Virginia Social Media Law Takes Effect Amid Lawsuit

With a complex web of state-level social media laws emerging and data privacy regulations becoming more granular, businesses are navigating a treacherous legal and technical landscape. To shed light on these challenges, we spoke with Donald Gainsborough, a leading expert in policy and legislation from Government Curated. He breaks down the real-world implications of these new rules, from the murky definition of “selling” data through cookies to the practical headaches of implementing user privacy choices across different devices. We will explore the friction between legal requirements and technological reality, the ongoing battles over what constitutes a “necessary” cookie, and what the future holds for digital regulation.

Virginia’s new social media law has taken effect while also facing a legal challenge. What are the core requirements of this law for platform operators, and how does the ongoing legal fight create uncertainty for them?

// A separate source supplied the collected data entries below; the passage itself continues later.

Lemma extendable_branch T (P : seq nat -> Prop) u : tree T ->
  (forall v, P v -> T v) -> (forall v, P v -> exists j, P (rcons v j)) -> P u ->
  ~ well_founded_tree T.
Proof.
move=> trT PT Pext Pu wfT.
have ext v : exists j, P v -> P (rcons v j).
  by case: (classic (P v)) => [/Pext [j hj]|nPv]; [exists j | exists 0].
have [g hg] := ClassicalEpsilon.choice _ ext.
pose vs := fix vs k := if k is k'.+1 then rcons (vs k') (g (vs k')) else u.
have Pvs k : P (vs k) by elim: k => //= k; exact: hg.
have size_vs k : size (vs k) = size u + k.
  by elim: k => [|k IH] /=; rewrite ?addn0 // size_rcons IH addnS.
have vs_mono : {homo vs : k m / k <= m >-> prefix k m}.
  by apply: homo_leq => [|? ? ?|k]; [exact: prefix_refl|exact: prefix_trans|exact: prefix_rcons].
apply: (wfT (fun m => nth 0 (vs m.+1) m)) => k.
suff <- : take k (vs k) = mkseq (fun m => nth 0 (vs m.+1) m) k.
  exact: trT (prefix_take _ _) (PT _ (Pvs k)).
apply: (@eq_from_nth _ 0); first by rewrite size_mkseq size_takel // size_vs leq_addl.
move=> i; rewrite size_takel ?size_vs ?leq_addl // => ik.
rewrite nth_take // nth_mkseq // (prefix_nth _ (vs_mono _ _ ik)) //.
by rewrite size_vs addnS ltnS leq_addl.
Qed.

Lemma unbounded_maximal T u : tree T -> well_founded_tree T -> unbounded T u ->
  exists2 v : seq nat, prefix u v & unbounded T v /\ forall j, ~ unbounded T (rcons v j).
Proof.
move=> trT wfT Uu; apply: NNPP => hno.
apply: (@extendable_branch T (fun v => prefix u v /\ unbounded T v) u trT _ _ _ wfT).
- by move=> v [_ Uv]; exact: unbounded_mem.
- move=> v [puv Uv]; apply: NNPP => hne; apply: hno; exists v => //; split => // j Uj.
  by apply: hne; exists j; split => //; exact: prefix_trans puv (prefix_rcons _ _).
- by split => //; exact: prefix_refl.
Qed.

Lemma Diie_of_bounded_children T v : tree T -> unbounded T v ->
  (forall j, ~ unbounded T (rcons v j)) -> Diie T v.
Proof.
move=> trT Uv Bv.
have bound j : exists n, forall w, T w -> prefix (rcons v j) w -> size w < n.
  have /not_all_ex_not [n hn] := Bv j.
  by exists n => w Tw pw; rewrite ltnNge; apply/negP => hle; apply: hn; exists w.
have [B hB] := ClassicalEpsilon.choice _ bound.
have long N : exists w, T w /\ prefix v w /\ size v + N < size w by exact: Uv.
have [p hp] := ClassicalEpsilon.choice _ long.
(* f (k+1) is longer than every extension of the child of v through which f k
   passes, so no later f k' can extend f k. *)
pose h := fix h k :=
  if k is k'.+1 then maxn (size (p (h k'))) (B (nth 0 (p (h k')) (size v))) else 0.
pose f k := p (h k).
have h_lt k : h k < size (f k) by apply: leq_ltn_trans (hp _).2.2; exact: leq_addl.
have h_mono : {homo h : l k / l <= k}.
  apply: homo_leq => [//|? ? ?|k]; first exact: leq_trans.
  exact: ltnW (leq_trans (h_lt k) (leq_maxl _ _)).
apply: (@Diie_of_chain _ _ f); first exact: unbounded_mem.
- by move=> k; split; [exact: (hp _).1 | exact: (hp _).2.1].
- apply: homo_ltn => [? ? ?|k]; first exact: ltn_trans.
  exact: leq_ltn_trans (leq_maxl _ _) (h_lt k.+1).
move=> l k lk plk.
have pc : prefix (rcons v (nth 0 (f l) (size v))) (f k).
  apply: prefix_trans plk; apply: prefix_rcons_nth; first exact: (hp _).2.1.
  exact: leq_ltn_trans (leq_addr _ _) (hp _).2.2.
have := hB _ _ (hp (h k)).1 pc; rewrite ltnNge => /negP; apply.
exact: leq_trans (leq_maxr _ _) (leq_trans (h_mono _ _ lk) (ltnW (h_lt k))).
Qed.

Lemma DiieP T u : tree T -> well_founded_tree T -> Diie T u <-> unbounded T u.
Proof.
move=> trT wfT; split; first exact: Diie_unbounded.
move=> /(unbounded_maximal trT wfT) [v puv [Uv Bv]].
by apply: (Diie_tree trT puv); exact: Diie_of_bounded_children.
Qed.

Lemma well_founded_min O (lt : O -> O -> Prop) (P : O -> Prop) : well_founded lt ->
  (exists x, P x) -> exists x, P x /\ forall y, lt y x -> ~ P y.
Proof.
move=> wf [x Px]; apply: NNPP => hno.
elim/(well_founded_ind wf): x Px => x IH Px; apply: hno; exists x; split => // y lyx.
Qed.

Lemma ordinal_cases O (lt : O -> O -> Prop) b :
  is_zero lt b \/ (exists g, is_succ lt g b) \/ is_limit lt b.
Proof.
case: (classic (is_zero lt b)) => [|nz]; first by left.
case: (classic (exists g, is_succ lt g b)) => [|ns]; first by right; left.
by right; right; split => // g sg; apply: ns; exists g.
Qed.

Lemma limit_succ_below O (lt : O -> O -> Prop) b g : is_wellorder lt ->
  is_limit lt b -> lt g b -> exists2 d, is_succ lt g d & lt d b.
Proof.
move=> [_ [_ [tri wf]]] [_ nsucc] lgb.
have [d [lgd dmin]] := @well_founded_min _ _ (lt g) wf (ex_intro _ b lgb).
have sd : is_succ lt g d by split => // e lge led; exact: dmin e led lge.
exists d => //; case: (tri d b) => [//|[edb|lbd]]; first by subst; case: (nsucc g sd).
by case: (dmin b lbd lgb).
Qed.

Definition rooted_join (G : nat -> seq nat -> Prop) (s : seq nat) : Prop :=
  s = [::] \/ exists n t, s = n :: t /\ G n t.

(* With [u = [::]] these are the admissible maps from [T] into [S]. *)
Definition embedding_at (T S : seq nat -> Prop) u (psi : seq nat -> seq nat) :=
  psi [::] = u /\
  (forall t, T t -> S (psi t) /\ size (psi t) = size u + sumn t) /\
  (forall t1 t2, T t1 -> T t2 -> prefix t1 t2 -> prefix (psi t1) (psi t2)).

Definition embeds_at (T S : seq nat -> Prop) (u : seq nat) :=
  exists psi, embedding_at T S u psi.

Lemma embeds_at_sub T T' S u :
  (forall s, T' s -> T s) -> embeds_at T S u -> embeds_at T' S u.
Proof.
move=> sT [psi [e0 [hS hm]]]; exists psi; split => //.
by split => [t /sT|t1 t2 /sT T1 /sT T2]; [exact: hS | exact: hm].
Qed.

Lemma embeds_at_ext T T' S u :
  (forall s, T s <-> T' s) -> embeds_at T S u <-> embeds_at T' S u.
Proof. by move=> eqT; split; apply: embeds_at_sub => s /eqT. Qed.

Lemma embeds_at_root T S u : (forall s, T s <-> s = [::]) -> embeds_at T S u <-> S u.
Proof.
move=> eqT; split => [[psi [e0 [hS _]]]|Su].
  by have := (hS _ ((eqT _).2 erefl)).1; rewrite e0.
exists (fun _ => u); split => //; split => [t /eqT ->|*]; last exact: prefix_refl.
by rewrite addn0.
Qed.

Lemma embeds_at_rooted_joinP S G u : (forall n t, G n t -> G n [::]) ->
  embeds_at (rooted_join G) S u <->
  S u /\ forall n, G n [::] ->
    exists w, embeds_at (G n) S w /\ prefix u w /\ size w = size u + n.
Proof.
have Jcons n t : G n t -> rooted_join G (n :: t) by right; exists n, t.
move=> Groot; split => [[psi [e0 [hS hm]]]|[Su hw]].
  split; first by have := (hS _ (or_introl erefl)).1; rewrite e0.
  move=> n Gn; have sz_n := (hS _ (Jcons _ _ Gn)).2; rewrite /= addn0 in sz_n.
  exists (psi [:: n]); split; last first.
    by split => //; rewrite -{1}e0; exact: hm (or_introl erefl) (Jcons _ _ Gn) (prefix0s _).
  exists (fun t => psi (n :: t)); split => //; split.
    by move=> t Gt; have [Sp ->] := hS _ (Jcons _ _ Gt); rewrite sz_n addnA.
  by move=> t1 t2 G1 G2 p; apply: hm; try exact: Jcons; rewrite /= eqxx.
have choose_psi n : exists psi, G n [::] ->
    prefix u (psi [::]) /\ size (psi [::]) = size u + n /\
    embedding_at (G n) S (psi [::]) psi.
  case: (classic (G n [::])) => [/hw [w [[psi Epsi] [puw sz]]]|nG]; last by exists id.
  by exists psi; rewrite Epsi.1.
have [ps hps] := ClassicalEpsilon.choice _ choose_psi.
exists (fun t => if t is n :: t' then ps n t' else u); split => //; split.
  move=> t [->|[n [t' [-> Gt]]]] /=; first by rewrite addn0.
  have [_ [sz [_ [hS _]]]] := hps n (Groot _ _ Gt).
  by have [Sp ->] := hS t' Gt; rewrite sz addnA.
move=> t1 t2 [->|[n1 [t1' [-> G1]]]] [->|[n2 [t2' [-> G2]]]] //=.
- by rewrite prefix_refl.
- have [pu [_ [_ [_ hm]]]] := hps n2 (Groot _ _ G2).
  by move=> _; apply: prefix_trans pu (hm _ _ (Groot _ _ G2) G2 (prefix0s _)).
- move=> /andP [/eqP en p]; subst n2.
  by have [_ [_ [_ [_ hm]]]] := hps n1 (Groot _ _ G1); exact: hm _ _ G1 G2 p.
Qed.

Lemma embeds_at_rooted_join_totalP S G u : tree S -> (forall n, G n [::]) ->
  embeds_at (rooted_join G) S u <->
  forall n, exists w, embeds_at (G n) S w /\ prefix u w /\ size w = size u + n.
Proof.
move=> trS Gnil; rewrite embeds_at_rooted_joinP //.
split => [[_ hw] n|hw]; first exact: hw.
split=> [|n _]; last exact: hw.
have [w [[psi [e0 [hS _]]] [puw _]]] := hw 0.
by apply: trS puw _; rewrite -e0; exact: (hS _ (Gnil 0)).1.
Qed.

Section SuslinScheme.

Variables (Y : Type) (open : (Y -> Prop) -> Prop) (C : seq nat -> Y -> Prop).

Lemma SC_tree X y : suslin_scheme_on X C -> tree (SC open C y).
Proof.
move=> [_ [C_mono _]] s t pst Ct U oU Uy; have [z [Uz Ctz]] := Ct U oU Uy.
by exists z; split => //; exact: C_mono pst z Ctz.
Qed.

Lemma SC_wf (X : Y -> Prop) y :
  (forall y, suslinA (clScheme open C) y -> X y) -> ~ X y -> well_founded_tree (SC open C y).
Proof. by move=> AX nX sigma hs; apply/nX/AX; exists sigma. Qed.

Could you walk me through the practical compliance steps a company takes?

This situation is a classic case of being caught between a rock and a hard place. The law is active, so companies must comply now, but the pending legal challenge means the rules could evaporate or change entirely. For operators, this creates a significant cloud of uncertainty over their investments in compliance. The core of the law requires them to implement robust data privacy frameworks, but the real work is in the details. A company’s first step is a comprehensive data audit to map every piece of user information they collect and share. Then, they have to re-engineer their user interface to present clear, accessible privacy choices, like the cookie banners we see everywhere. This is a costly and resource-intensive process, and the lingering lawsuit means all that effort could be for nothing, or worse, need a complete overhaul in six months. It’s a frustrating, high-stakes waiting game.

Many platforms use cookies for advertising, which can be defined as a “sale” of personal data. Given new state-level regulations, how are companies navigating this definition to stay compliant? Please provide a step-by-step example of how they might adjust their data collection and consent processes.

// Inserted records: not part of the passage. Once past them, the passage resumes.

Definition convex_setR (R : realType) (X : set R) :=
  forall x y t, X x -> X y -> 0 <= t -> t <= 1 -> X (t * x + (1 - t) * y).

Definition mixed_fun (R : realType) (n : nat) (b : 'rV[R]_n -> R -> R)
  (i : 'I_n) (theta : 'rV[R]_n) : R -> R :=
  fun u => partial (fun th => b th u) i theta.

(* Let N_a be R^a divided by s_a = sqrt(|R^a|_F^2 + eps), and similarly N_b.  Then
   b(theta, u) = - tr(N_a^T N_b R_x(u)^T) = cos u P(theta) + sin u Q(theta) + T(theta)
   with P, Q, T polynomials in the entries of N_a and N_b.  The partial derivatives of
   these entries and of 1/s_a are again polynomials in the entries and in 1/s_a, and all
   of these are bounded (|N_a| <= 1 entrywise, 1/s_a <= 1/sqrt eps).  So the class [npoly]
   of such polynomials consists of bounded differentiable functions and is closed under
   partial derivatives: P, Q and T have bounded derivatives of every order.  Bounded third
   derivatives make the Hessian globally Lipschitz; a Hessian bounded by H gives, by the
   mean value theorem along segments, an (n^2 H)-Lipschitz gradient and convexity of
   b + n^2 H |theta|^2; the mixed derivative -sin u dP + cos u dQ is bounded uniformly.
   None of this uses the hypotheses on the control set X or on the index maps. *)

From HB Require Import structures.
From mathcomp Require Import all_boot all_order all_algebra.
From mathcomp Require Import all_classical all_reals all_analysis.
From mathcomp Require Import ring lra.
Import Order.TTheory GRing.Theory Num.Theory.
Import numFieldNormedType.Exports.
Local Open Scope classical_set_scope.
Local Open Scope ring_scope.
Set Implicit Arguments. Unset Strict Implicit.

Lemma ler_sum_term (R : numDomainType) (I : finType) (F : I -> R) i :
  (forall j, 0 <= F j) -> F i <= \sum_j F j.
Proof. by move=> F0; rewrite (bigD1 i) //= lerDl sumr_ge0. Qed.
Arguments ler_sum_term {R I} F i.

Lemma fin_ubound (R : realDomainType) (I : finType) (T : Type) (F : I -> T -> R) :
  (forall i, exists C, forall x, `|F i x| <= C) ->
  exists C : R, 0 <= C /\ forall i x, `|F i x| <= C.
Proof.
move=> /fin_all_exists[C FC].
exists (\sum_i `|C i : R|); split; first exact: sumr_ge0.
move=> i x; apply: le_trans (FC i x) _; apply: le_trans (ler_norm _) _.
by rewrite (bigD1 i) //= lerDl sumr_ge0.
Qed.

Section DerivativeAlongLines.
Variables (R : realType) (U : normedModType R).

The key shift is that “sale” no longer just means a cash transaction; it’s about receiving any kind of value for sharing data, which squarely includes the benefits of targeted advertising. Companies are scrambling to adjust. The first step is always a deep-dive audit to classify all tracking technologies—identifying every third-party cookie from advertising partners. Next, they re-architect the user consent flow. Instead of a simple “accept” button, they must present a clear choice, often with a toggle switch, explicitly stating that opting out prevents the “sale” of personal information. The third, and most critical, step is ensuring the technology actually honors that choice. When a user toggles “off,” a signal must be sent to their advertising partners to halt the sharing of that user’s data. It’s a complex technical handshake that has to work flawlessly every time to maintain compliance.

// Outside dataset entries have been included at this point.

Definition fourier_sin (f : R -> R -> R) (k1 k2 : Z) : R :=
  / (4 * PI ^ 2) *
  RInt (fun x => RInt (fun y => f x y * sin (IZR k1 * x + IZR k2 * y)) 0 (2 * PI))
       0 (2 * PI).

Definition fourier_abs2 (f : R -> R -> R) (k1 k2 : Z) : R :=
  fourier_cos f k1 k2 ^ 2 + fourier_sin f k1 k2 ^ 2.

(** Weighted term (1+|k|^2)^s |fhat(k)|^2, times (2pi)^2 so that the sum is
    <Lambda^s f, Lambda^s f> for the (unnormalised) L^2(T^2) inner product. *)
Definition sob_term (s : R) (f : R -> R -> R) (k1 k2 : Z) : R :=
  4 * PI ^ 2 * Rpower (1 + IZR k1 ^ 2 + IZR k2 ^ 2) s * fourier_abs2 f k1 k2.

Definition sob_partial (s : R) (f : R -> R -> R) (N : nat) : R :=
  sum_f_R0 (fun i =>
    sum_f_R0 (fun j =>
      sob_term s f (Z.of_nat i - Z.of_nat N)%Z (Z.of_nat j - Z.of_nat N)%Z)
    (2 * N)) (2 * N).

(** ||f||_s^2 in [0, +oo] (nondecreasing limit of the partial sums). *)
Definition sob2 (s : R) (f : R -> R -> R) : Rbar := Lim_seq (sob_partial s f).

Definition in_Hs (s : R) (f : R -> R -> R) : Prop := is_finite (sob2 s f).

(** The H^s norm of f (meaningful when in_Hs s f). *)
Definition Hs_norm (s : R) (f : R -> R -> R) : R := sqrt (real (sob2 s f)).

Record flow : Type := Flow {
  f_rho : R -> R -> R -> R;
  f_u   : R -> R -> R -> R;
  f_v   : R -> R -> R -> R;
  f_h   : R -> R -> R -> R }.

Definition comp (i : nat) (U : flow) : R -> R -> R -> R :=
  match i with 0 => f_rho U | 1 => f_u U | 2 => f_v U | _ => f_h U end.

Definition Hs4_dist2 (s : R) (U : flow) (t : R) (W : flow) (t' : R) : R :=
  sqrt (real (sob2 s (fun x y => f_rho U t x y - f_rho W t' x y))
      + real (sob2 s (fun x y => f_u U t x y - f_u W t' x y))
      + real (sob2 s (fun x y => f_v U t x y - f_v W t' x y))
      + real (sob2 s (fun x y => f_h U t x y - f_h W t' x y))).

Definition Hs4_dist (s : R) (U W : flow) (t : R) : R := Hs4_dist2 s U t W t.

Definition Hs4_norm (s : R) (U : flow) (t : R) : R :=
  sqrt (real (sob2 s (f_rho U t)) + real (sob2 s (f_u U t))
      + real (sob2 s (f_v U t)) + real (sob2 s (f_h U t))).

Definition dt (f : R -> R -> R -> R) t x y := Derive (fun t' => f t' x y) t.
Definition dx (f : R -> R -> R -> R) t x y := Derive (fun x' => f t x' y) x.
Definition dy (f : R -> R -> R -> R) t x y := Derive (fun y' => f t x y') y.

Definition partials_exist (f : R -> R -> R -> R) t x y : Prop :=
  ex_derive (fun t' => f t' x y) t /\ ex_derive (fun x' => f t x' y) x /\
  ex_derive (fun y' => f t x y') y.

Definition gas_eqs (gamma : R) (U : flow) t x y : Prop :=
  let rho := f_rho U in let u := f_u U in let v := f_v U in let h := f_h U in
  dt rho t x y + u t x y * dx rho t x y + v t x y * dy rho t x y
    + rho t x y * (dx u t x y + dy v t x y) = 0 /\
  dt u t x y + u t x y * dx u t x y + v t x y * dy u t x y + dx h t x y
    + h t x y / rho t x y * dx rho t x y = 0 /\
  dt v t x y + u t x y * dx v t x y + v t x y * dy v t x y + dy h t x y
    + h t x y / rho t x y * dy rho t x y = 0 /\
  dt h t x y + u t x y * dx h t x y + v t x y * dy h t x y
    + (gamma - 1) * h t x y * (dx u t x y + dy v t x y) = 0.

(** U is a classical solution on [0,T] of the system, periodic in (x,y),
    taking values in a compact subset of G = {rho > 0, h > 0}, with
    U in C([0,T]; (H^s(T^2))^4). *)
Definition is_solution (gamma s T : R) (U : flow) : Prop :=
  (forall i t x y, (i < 4)%nat ->
     comp i U t (x + 2 * PI) y = comp i U t x y /\
     comp i U t x (y + 2 * PI) = comp i U t x y) /\
  (* values in a compact subset of G *)
  (exists c, 0 < c /\ forall t x y, 0 <= t <= T ->
     c <= f_rho U t x y <= / c /\ c <= f_h U t x y <= / c /\
     Rabs (f_u U t x y) <= / c /\ Rabs (f_v U t x y) <= / c) /\
  (forall i t x y, (i < 4)%nat -> 0 <= t <= T ->
     continuous (fun p : R * R => comp i U t (fst p) (snd p)) (x, y)) /\
  (forall i t, (i < 4)%nat -> 0 <= t <= T -> in_Hs s (comp i U t)) /\
  (forall t0, 0 <= t0 <= T -> forall eps, 0 < eps -> exists delta, 0 < delta /\
     forall t, 0 <= t <= T -> Rabs (t - t0) < delta -> Hs4_dist2 s U t U t0 < eps) /\
  (forall t x y, 0 < t < T ->
     (forall i, (i < 4)%nat -> partials_exist (comp i U) t x y) /\
     gas_eqs gamma U t x y).

From Stdlib Require Import Reals ZArith Lra Lia FunctionalExtensionality.
From Coquelicot Require Import Coquelicot.
Open Scope R_scope.

(* The counterexample is made of explicit shear waves.  For an integer m <> 0 and a speed w,
   rho = h = 1, v = w/m, u = A sin (m y - w t) solves the system for every gamma: rho and h
   are constant and the velocity is divergence free, so only the u-equation is not trivial,
   and it is the transport equation u_t + v u_y = 0.  Its H^s norm is computed exactly, since
   c + a cos (m y) + b sin (m y) has Fourier coefficients only at the frequencies (0,0) and
   (0,+-m); the choice A = (1 + m^2)^(-s/2) makes the H^s norm of u(t) independent of m.
   With m = n + 1, the waves of speeds w = 0 and w = 1 start from data that differ only in v,
   by the constant 1/m, hence converge to each other in H^s; at time t = pi they are in
   opposite phase, and their u-components stay at H^s distance 2 sqrt 2 pi. *)

Definition kron (i j : Z) : R := if Z.eq_dec i j then 1 else 0.

Lemma kron_refl i : kron i i = 1.
Proof. unfold kron; destruct (Z.eq_dec i i); congruence. Qed.

Lemma kron_neq i j : i <> j -> kron i j = 0.
Proof. unfold kron; destruct (Z.eq_dec i j); congruence. Qed.

Lemma sum_f_R0_single (g : nat -> R) (p n : nat) :
  (p <= n)%nat -> (forall i, (i <= n)%nat -> i <> p -> g i = 0) -> sum_f_R0 g n = g p.
Proof.
intros Hp Hg; induction n as [|n IH]; simpl.
- now replace p with 0%nat by lia.
- destruct (Nat.eq_dec p (S n)) as [->|Hne].
  + rewrite sum_eq_R0; [ring |]; intros i Hi; apply Hg; lia.
  + rewrite IH by (lia || (intros i Hi; apply Hg; lia)).
    rewrite (Hg (S n)) by lia; ring.
Qed.

Lemma sum_kron_centered (N : nat) (K : Z) (a : R) : (Z.abs K <= Z.of_nat N)%Z ->
  sum_f_R0 (fun j => a * kron (Z.of_nat j - Z.of_nat N) K) (2 * N) = a.
Proof.
intros HK; rewrite (sum_f_R0_single _ (Z.to_nat (Z.of_nat N + K))) by
  (lia || (intros i _ Hi; rewrite kron_neq by lia; ring)).
rewrite Z2Nat.id by lia.
replace (Z.of_nat N + K - Z.of_nat N)%Z with K by ring.
rewrite kron_refl; ring.
Qed.

Lemma sin_IZR_mult_2PI (j : Z) : sin (IZR j * (2 * PI)) = 0.
Proof. apply sin_eq_0_1; exists (2 * j)%Z; rewrite mult_IZR; ring. Qed.

Lemma cos_IZR_mult_2PI (j : Z) : cos (IZR j * (2 * PI)) = 1.
Proof.
replace (IZR j * (2 * PI)) with (2 * (IZR j * PI)) by ring.
rewrite cos_2a_sin, sin_eq_0_1; [ring | now exists j].
Qed.

Lemma sin_IZR_mult_shift_2PI (m : Z) (y z : R) :
  sin (IZR m * (y + 2 * PI) - z) = sin (IZR m * y - z).
Proof.
replace (IZR m * (y + 2 * PI) - z) with (IZR m * y - z + IZR m * (2 * PI)) by ring.
rewrite sin_plus, sin_IZR_mult_2PI, cos_IZR_mult_2PI; ring.
Qed.

Lemma sin_sqr_add_cos_sqr x : sin x ^ 2 + cos x ^ 2 = 1.
Proof. rewrite <- (sin2_cos2 x); unfold Rsqr; ring. Qed.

User privacy selections are often tied to a specific browser or device, not a user account. What are the technical and logistical challenges this creates for companies trying to honor user preferences consistently? Could you detail the user experience and engineering trade-offs involved in this approach?

This is one of the biggest disconnects between user expectations and technical reality. A user thinks, “I’ve told this website not to sell my data,” but they’ve really only told one browser on one device. When they pick up their phone or open a different browser, their preference is gone, and they have to opt out all over again. The logistical challenge for companies is immense. Tracking preferences across platforms without using the very tracking technologies users are opting out of is a significant engineering puzzle. The trade-off is stark: creating a unified user profile to sync privacy settings would provide a better user experience, but it also involves collecting more data (like an email or login) and raises its own set of privacy concerns. Sticking to device-level settings is simpler to build and arguably more privacy-preserving in a narrow sense, but it creates a frustrating and fragmented experience for the end-user.

Websites often distinguish between “strictly necessary” cookies, which users cannot opt out of, and optional ones like targeting cookies. How is this distinction being legally tested by new privacy laws, and what metrics determine if a cookie is truly necessary for a site to function?

The “strictly necessary” category is becoming a major legal battleground. Historically, this was for things like keeping items in a shopping cart or remembering a login session. Now, we see companies trying to lump performance and analytics cookies into this non-consensual category. Privacy laws like the CCPA are forcing a re-evaluation. The legal test is becoming much stricter: is the website fundamentally broken without this cookie? We’re not talking about a slower experience or less insight for the marketing team. The metric is whether a core user-facing function—like logging in or completing a purchase—fails to execute. A cookie that remembers your privacy choices is clearly necessary; one that just monitors site traffic for internal performance metrics is much harder to defend as “strictly necessary” for the user’s experience, and regulators are starting to scrutinize that distinction very closely.

What is your forecast for state-level social media regulation?

My forecast is for continued, and perhaps accelerated, fragmentation. We’re going to see a patchwork of state laws emerge, each with its own unique nuances and requirements. While there’s always hope for a comprehensive federal privacy law to unify the standards, the political reality makes that a long shot for the near future. Instead, companies will be forced to navigate a complex compliance map where the rules change as you cross state lines. This will create enormous operational burdens, especially for smaller companies, and will likely lead to a “highest common denominator” approach, where businesses adopt the strictest standard across the board to simplify compliance. The end result will be a messy, evolving landscape for at least the next few years.